*** Opening of Data for the task ***
(* Fix one satisfying valuation per answer tuple; this
   gives a set T of valuations theta : var(Q) -> U, on which projection to the
   head variables u0 is injective.  Put the uniform distribution on T and let
   H(S) be the Shannon entropy of the projection of theta onto the variables S.
   Then
   - H is a polymatroid (H(set0) = 0, monotone, submodular), so it satisfies
     all Shannon constraints of the linear program;
   - H(vars of an atom) <= ln |R_j^D| <= ln rmax, since the projection onto an
     atom takes at most |R_j^D| values;
   - H({u[a]} | {u[V]}) = 0 for every induced dependency, since D satisfies
     the FDs;
   - H(u0) = ln |T| = ln |Q(D)| by injectivity.
   Hence c * H is feasible for every c >= 0 with c * ln rmax <= 1, which gives
   ln |Q(D)| <= s * ln rmax and therefore |Q(D)| <= rmax ^ s. *)

HB.instance Definition _ := Monoid.isComLaw.Build R R0 Rplus
  (fun a b c => esym (Rplus_assoc a b c)) Rplus_comm Rplus_0_l.

Local Notation "\rsum_ ( i 'in' A ) F" := (\big[Rplus/R0]_(i in A) F)
  (at level 41, F at level 41, i, A at level 50).

Local Open Scope R_scope.

Lemma sumR_le (I : finType) (A : {pred I}) (F G : I -> R) :
  (forall i, i \in A -> F i <= G i) -> \rsum_(i in A) F i <= \rsum_(i in A) G i.
Proof.
move=> FG; apply: (big_ind2 (fun x y => x <= y)) => //; first exact: Rle_refl.
by move=> a b c d; apply: Rplus_le_compat.
Qed.

Lemma sumR_const (I : finType) (A : {pred I}) (x : R) :
  \rsum_(i in A) x = INR #|A| * x.
Proof.
rewrite big_const; elim: #|A| => [|m IH]; first by rewrite /= Rmult_0_l.
by rewrite iterS IH S_INR; ring.
Qed.

Lemma sumR_mull (I : finType) (A : {pred I}) (F : I -> R) (c : R) :
  c * (\rsum_(i in A) F i) = \rsum_(i in A) (c * F i).
Proof. exact: (big_morph (Rmult c) (Rmult_plus_distr_l c) (Rmult_0_r c)). Qed.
*** Close of Data for the task ***
Work order: With the line holding "Hence c * H" as the first and the line holding "Lemma sumR_le (I" as the last, set down that range of the entries above exactly, and nothing else.

Answer to this problem:
   Hence c * H is feasible for every c >= 0 with c * ln rmax <= 1, which gives
   ln |Q(D)| <= s * ln rmax and therefore |Q(D)| <= rmax ^ s. *)

HB.instance Definition _ := Monoid.isComLaw.Build R R0 Rplus
  (fun a b c => esym (Rplus_assoc a b c)) Rplus_comm Rplus_0_l.

Local Notation "\rsum_ ( i 'in' A ) F" := (\big[Rplus/R0]_(i in A) F)
  (at level 41, F at level 41, i, A at level 50).

Local Open Scope R_scope.

Lemma sumR_le (I : finType) (A : {pred I}) (F G : I -> R) :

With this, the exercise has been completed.